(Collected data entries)
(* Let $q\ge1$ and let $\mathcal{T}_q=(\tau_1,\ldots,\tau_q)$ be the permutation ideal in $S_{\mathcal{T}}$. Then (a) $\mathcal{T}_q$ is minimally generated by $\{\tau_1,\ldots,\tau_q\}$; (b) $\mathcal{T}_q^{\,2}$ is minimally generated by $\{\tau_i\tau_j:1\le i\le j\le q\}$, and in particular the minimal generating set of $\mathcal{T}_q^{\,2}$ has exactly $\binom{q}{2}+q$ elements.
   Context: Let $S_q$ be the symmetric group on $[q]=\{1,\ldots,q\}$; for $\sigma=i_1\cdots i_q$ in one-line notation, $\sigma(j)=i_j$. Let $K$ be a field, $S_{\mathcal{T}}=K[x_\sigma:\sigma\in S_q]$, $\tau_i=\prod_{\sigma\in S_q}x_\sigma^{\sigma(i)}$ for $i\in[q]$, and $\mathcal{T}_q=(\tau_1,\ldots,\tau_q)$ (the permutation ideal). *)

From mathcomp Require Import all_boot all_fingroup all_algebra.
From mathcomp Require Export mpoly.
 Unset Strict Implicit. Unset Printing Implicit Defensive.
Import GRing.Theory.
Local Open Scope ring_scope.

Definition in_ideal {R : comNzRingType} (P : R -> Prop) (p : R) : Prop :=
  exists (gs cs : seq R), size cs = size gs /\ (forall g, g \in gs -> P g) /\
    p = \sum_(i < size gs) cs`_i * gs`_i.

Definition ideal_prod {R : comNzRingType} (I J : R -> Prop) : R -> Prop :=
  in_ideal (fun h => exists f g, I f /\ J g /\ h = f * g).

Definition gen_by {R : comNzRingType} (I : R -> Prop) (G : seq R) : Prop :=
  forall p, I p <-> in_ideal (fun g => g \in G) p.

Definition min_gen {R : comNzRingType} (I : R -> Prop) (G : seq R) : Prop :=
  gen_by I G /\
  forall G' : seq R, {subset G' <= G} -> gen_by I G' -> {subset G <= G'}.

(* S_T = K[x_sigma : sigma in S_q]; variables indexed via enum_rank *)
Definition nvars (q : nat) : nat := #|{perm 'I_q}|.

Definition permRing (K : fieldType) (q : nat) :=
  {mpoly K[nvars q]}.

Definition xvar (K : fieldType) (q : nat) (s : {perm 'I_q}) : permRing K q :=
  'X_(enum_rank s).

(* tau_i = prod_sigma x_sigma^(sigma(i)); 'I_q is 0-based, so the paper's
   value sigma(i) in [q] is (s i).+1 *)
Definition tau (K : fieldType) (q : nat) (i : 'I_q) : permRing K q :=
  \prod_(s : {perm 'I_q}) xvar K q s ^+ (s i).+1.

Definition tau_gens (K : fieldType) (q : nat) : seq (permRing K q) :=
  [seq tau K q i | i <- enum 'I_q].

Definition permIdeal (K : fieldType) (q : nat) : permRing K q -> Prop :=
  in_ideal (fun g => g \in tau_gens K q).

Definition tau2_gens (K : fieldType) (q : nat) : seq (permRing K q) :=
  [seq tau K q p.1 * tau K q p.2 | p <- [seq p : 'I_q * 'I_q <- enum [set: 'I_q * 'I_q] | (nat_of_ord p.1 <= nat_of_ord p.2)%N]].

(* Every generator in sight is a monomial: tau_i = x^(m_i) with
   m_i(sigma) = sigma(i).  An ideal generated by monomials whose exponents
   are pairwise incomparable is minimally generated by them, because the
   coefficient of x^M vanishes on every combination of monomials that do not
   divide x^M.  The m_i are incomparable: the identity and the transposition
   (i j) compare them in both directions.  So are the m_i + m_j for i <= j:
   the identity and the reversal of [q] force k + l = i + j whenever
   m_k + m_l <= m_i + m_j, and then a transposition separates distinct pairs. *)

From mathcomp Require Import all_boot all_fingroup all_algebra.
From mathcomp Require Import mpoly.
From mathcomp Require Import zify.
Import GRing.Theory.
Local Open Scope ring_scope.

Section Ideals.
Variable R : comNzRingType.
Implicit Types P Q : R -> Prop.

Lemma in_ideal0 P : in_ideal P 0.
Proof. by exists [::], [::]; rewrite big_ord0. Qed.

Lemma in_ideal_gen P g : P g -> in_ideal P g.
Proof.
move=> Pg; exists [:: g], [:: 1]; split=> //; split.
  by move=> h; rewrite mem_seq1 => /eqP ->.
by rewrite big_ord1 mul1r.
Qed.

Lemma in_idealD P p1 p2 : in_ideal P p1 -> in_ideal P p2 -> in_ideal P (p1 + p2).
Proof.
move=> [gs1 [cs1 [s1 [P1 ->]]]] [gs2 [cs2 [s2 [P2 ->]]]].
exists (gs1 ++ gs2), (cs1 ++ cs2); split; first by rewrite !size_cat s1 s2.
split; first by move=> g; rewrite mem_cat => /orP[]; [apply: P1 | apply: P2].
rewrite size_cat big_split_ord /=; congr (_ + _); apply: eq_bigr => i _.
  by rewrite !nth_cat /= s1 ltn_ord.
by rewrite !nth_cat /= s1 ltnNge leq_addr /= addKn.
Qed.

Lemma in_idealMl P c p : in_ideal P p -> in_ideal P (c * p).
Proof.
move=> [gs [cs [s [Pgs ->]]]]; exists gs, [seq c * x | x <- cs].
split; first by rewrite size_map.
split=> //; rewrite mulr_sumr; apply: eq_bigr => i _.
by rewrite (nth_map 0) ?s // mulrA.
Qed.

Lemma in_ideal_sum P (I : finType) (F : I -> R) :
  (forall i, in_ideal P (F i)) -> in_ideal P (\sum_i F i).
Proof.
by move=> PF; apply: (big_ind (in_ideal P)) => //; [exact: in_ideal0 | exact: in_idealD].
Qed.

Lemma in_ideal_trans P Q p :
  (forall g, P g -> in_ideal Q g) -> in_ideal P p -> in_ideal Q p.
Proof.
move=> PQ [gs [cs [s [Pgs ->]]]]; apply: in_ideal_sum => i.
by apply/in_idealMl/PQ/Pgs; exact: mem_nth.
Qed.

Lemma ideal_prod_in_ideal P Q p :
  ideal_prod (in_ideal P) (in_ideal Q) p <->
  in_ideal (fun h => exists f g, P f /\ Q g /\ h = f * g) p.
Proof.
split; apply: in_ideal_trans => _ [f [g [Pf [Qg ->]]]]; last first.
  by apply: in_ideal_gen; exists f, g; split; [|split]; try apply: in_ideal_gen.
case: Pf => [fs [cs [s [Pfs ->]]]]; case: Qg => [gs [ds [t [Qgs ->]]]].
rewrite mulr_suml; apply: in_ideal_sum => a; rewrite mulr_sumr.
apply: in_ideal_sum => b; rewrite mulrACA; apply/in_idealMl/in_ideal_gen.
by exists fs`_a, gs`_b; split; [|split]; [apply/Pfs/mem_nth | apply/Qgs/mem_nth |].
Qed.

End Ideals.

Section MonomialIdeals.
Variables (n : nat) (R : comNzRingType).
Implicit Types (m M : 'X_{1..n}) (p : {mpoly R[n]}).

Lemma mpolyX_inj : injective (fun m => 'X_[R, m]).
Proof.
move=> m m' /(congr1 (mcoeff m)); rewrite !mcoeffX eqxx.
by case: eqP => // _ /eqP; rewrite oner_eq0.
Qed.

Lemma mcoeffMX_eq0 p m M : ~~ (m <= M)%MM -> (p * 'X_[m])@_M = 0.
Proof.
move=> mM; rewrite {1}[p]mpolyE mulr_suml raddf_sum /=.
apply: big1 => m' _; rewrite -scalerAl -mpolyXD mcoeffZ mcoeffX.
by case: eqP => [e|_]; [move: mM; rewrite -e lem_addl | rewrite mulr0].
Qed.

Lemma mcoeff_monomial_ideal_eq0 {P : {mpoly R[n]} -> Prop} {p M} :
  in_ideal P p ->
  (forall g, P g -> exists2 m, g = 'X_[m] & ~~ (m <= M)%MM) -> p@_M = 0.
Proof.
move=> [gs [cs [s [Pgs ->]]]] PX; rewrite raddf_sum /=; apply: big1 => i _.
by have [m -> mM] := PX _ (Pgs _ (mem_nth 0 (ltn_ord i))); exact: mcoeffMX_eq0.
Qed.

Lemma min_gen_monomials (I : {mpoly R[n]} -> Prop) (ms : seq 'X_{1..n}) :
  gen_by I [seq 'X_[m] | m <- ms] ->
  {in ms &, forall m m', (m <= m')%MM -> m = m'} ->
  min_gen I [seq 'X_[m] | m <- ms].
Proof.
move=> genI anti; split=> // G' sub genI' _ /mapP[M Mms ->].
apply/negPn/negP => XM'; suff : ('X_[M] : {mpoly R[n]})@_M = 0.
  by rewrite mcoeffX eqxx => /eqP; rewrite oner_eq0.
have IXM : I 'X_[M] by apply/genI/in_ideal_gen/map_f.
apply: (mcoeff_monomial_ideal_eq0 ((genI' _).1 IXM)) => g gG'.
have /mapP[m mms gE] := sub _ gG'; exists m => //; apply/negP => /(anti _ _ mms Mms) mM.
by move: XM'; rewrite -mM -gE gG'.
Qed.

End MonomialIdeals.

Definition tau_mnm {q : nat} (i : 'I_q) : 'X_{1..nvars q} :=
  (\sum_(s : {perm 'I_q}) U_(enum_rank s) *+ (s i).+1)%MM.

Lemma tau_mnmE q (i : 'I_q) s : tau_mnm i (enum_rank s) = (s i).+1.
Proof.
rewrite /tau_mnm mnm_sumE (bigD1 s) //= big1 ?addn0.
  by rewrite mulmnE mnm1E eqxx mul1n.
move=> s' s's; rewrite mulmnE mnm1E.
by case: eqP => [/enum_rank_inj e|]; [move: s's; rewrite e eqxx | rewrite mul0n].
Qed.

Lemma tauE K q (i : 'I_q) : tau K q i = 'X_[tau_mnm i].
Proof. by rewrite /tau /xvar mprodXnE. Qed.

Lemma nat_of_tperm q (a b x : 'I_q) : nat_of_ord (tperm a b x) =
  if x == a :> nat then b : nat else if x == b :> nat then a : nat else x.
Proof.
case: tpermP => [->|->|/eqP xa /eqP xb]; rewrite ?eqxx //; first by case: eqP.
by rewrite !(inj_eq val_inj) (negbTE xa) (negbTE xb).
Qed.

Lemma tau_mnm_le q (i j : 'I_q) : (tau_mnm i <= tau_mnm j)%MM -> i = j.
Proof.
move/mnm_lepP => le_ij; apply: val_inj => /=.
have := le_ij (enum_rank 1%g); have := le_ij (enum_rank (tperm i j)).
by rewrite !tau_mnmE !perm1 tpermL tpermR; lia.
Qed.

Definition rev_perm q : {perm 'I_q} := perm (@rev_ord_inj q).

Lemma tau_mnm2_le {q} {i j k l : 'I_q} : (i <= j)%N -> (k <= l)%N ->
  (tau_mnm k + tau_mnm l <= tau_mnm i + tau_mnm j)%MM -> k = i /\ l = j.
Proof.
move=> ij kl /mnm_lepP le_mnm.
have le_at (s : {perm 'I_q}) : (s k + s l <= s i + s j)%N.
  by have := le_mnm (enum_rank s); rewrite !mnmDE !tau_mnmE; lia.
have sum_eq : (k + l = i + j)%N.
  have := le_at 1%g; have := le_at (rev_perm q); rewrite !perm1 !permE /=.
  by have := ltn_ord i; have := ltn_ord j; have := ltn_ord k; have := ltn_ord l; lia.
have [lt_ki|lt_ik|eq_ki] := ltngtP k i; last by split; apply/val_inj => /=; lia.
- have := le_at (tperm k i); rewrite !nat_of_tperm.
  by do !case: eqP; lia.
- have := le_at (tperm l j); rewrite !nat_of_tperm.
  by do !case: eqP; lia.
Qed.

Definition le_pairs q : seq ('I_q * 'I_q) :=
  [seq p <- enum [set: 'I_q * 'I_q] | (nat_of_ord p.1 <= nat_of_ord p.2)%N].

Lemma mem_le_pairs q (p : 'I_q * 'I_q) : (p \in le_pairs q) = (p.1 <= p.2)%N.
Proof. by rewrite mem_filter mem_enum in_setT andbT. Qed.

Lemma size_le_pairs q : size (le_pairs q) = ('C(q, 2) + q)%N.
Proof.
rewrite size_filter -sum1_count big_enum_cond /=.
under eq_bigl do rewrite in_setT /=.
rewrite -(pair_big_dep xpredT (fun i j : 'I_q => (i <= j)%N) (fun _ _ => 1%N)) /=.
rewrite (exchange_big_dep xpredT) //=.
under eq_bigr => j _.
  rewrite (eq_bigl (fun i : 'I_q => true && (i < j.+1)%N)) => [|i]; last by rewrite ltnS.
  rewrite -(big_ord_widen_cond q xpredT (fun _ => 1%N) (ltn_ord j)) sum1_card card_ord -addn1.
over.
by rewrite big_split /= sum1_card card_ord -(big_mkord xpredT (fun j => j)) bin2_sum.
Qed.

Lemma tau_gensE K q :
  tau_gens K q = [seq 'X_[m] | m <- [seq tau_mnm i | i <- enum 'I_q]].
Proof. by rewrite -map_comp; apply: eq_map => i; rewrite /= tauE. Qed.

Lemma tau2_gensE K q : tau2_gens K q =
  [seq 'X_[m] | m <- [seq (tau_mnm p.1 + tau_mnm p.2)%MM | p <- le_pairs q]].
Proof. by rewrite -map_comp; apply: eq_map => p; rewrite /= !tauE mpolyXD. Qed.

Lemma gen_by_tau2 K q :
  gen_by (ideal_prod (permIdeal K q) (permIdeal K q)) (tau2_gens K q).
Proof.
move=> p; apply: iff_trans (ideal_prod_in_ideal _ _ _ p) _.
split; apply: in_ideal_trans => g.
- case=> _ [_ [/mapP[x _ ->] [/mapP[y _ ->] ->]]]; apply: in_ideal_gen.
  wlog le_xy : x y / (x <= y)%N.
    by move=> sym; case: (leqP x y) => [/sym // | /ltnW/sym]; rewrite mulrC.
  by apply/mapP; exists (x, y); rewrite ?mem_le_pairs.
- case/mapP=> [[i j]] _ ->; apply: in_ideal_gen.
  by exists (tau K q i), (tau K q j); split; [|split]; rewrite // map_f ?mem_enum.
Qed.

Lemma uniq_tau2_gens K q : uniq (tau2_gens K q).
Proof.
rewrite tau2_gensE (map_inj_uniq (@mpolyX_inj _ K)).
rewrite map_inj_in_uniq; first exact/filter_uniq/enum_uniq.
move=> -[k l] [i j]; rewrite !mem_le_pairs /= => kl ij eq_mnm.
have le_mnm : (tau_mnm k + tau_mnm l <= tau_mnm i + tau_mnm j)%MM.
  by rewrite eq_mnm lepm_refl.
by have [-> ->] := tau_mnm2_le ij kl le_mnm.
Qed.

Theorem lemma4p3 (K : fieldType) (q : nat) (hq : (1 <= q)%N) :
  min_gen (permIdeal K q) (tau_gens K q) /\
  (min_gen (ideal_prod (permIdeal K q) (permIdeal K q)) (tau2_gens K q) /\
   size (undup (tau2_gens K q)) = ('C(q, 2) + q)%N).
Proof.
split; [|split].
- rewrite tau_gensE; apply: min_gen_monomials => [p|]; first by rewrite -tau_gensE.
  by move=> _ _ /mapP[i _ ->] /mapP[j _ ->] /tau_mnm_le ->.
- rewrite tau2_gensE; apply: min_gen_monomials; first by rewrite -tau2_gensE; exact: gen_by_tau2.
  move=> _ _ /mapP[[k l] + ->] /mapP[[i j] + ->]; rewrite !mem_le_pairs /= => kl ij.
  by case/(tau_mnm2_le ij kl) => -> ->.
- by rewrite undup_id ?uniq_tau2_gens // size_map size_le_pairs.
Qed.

— TASK —
From the records above, copy every line that holds the word "mapP".

— ANSWER TO THIS TASK —
move=> genI anti; split=> // G' sub genI' _ /mapP[M Mms ->].
have /mapP[m mms gE] := sub _ gG'; exists m => //; apply/negP => /(anti _ _ mms Mms) mM.
- case=> _ [_ [/mapP[x _ ->] [/mapP[y _ ->] ->]]]; apply: in_ideal_gen.
  by apply/mapP; exists (x, y); rewrite ?mem_le_pairs.
- case/mapP=> [[i j]] _ ->; apply: in_ideal_gen.
  by move=> _ _ /mapP[i _ ->] /mapP[j _ ->] /tau_mnm_le ->.
  move=> _ _ /mapP[[k l] + ->] /mapP[[i j] + ->]; rewrite !mem_le_pairs /= => kl ij.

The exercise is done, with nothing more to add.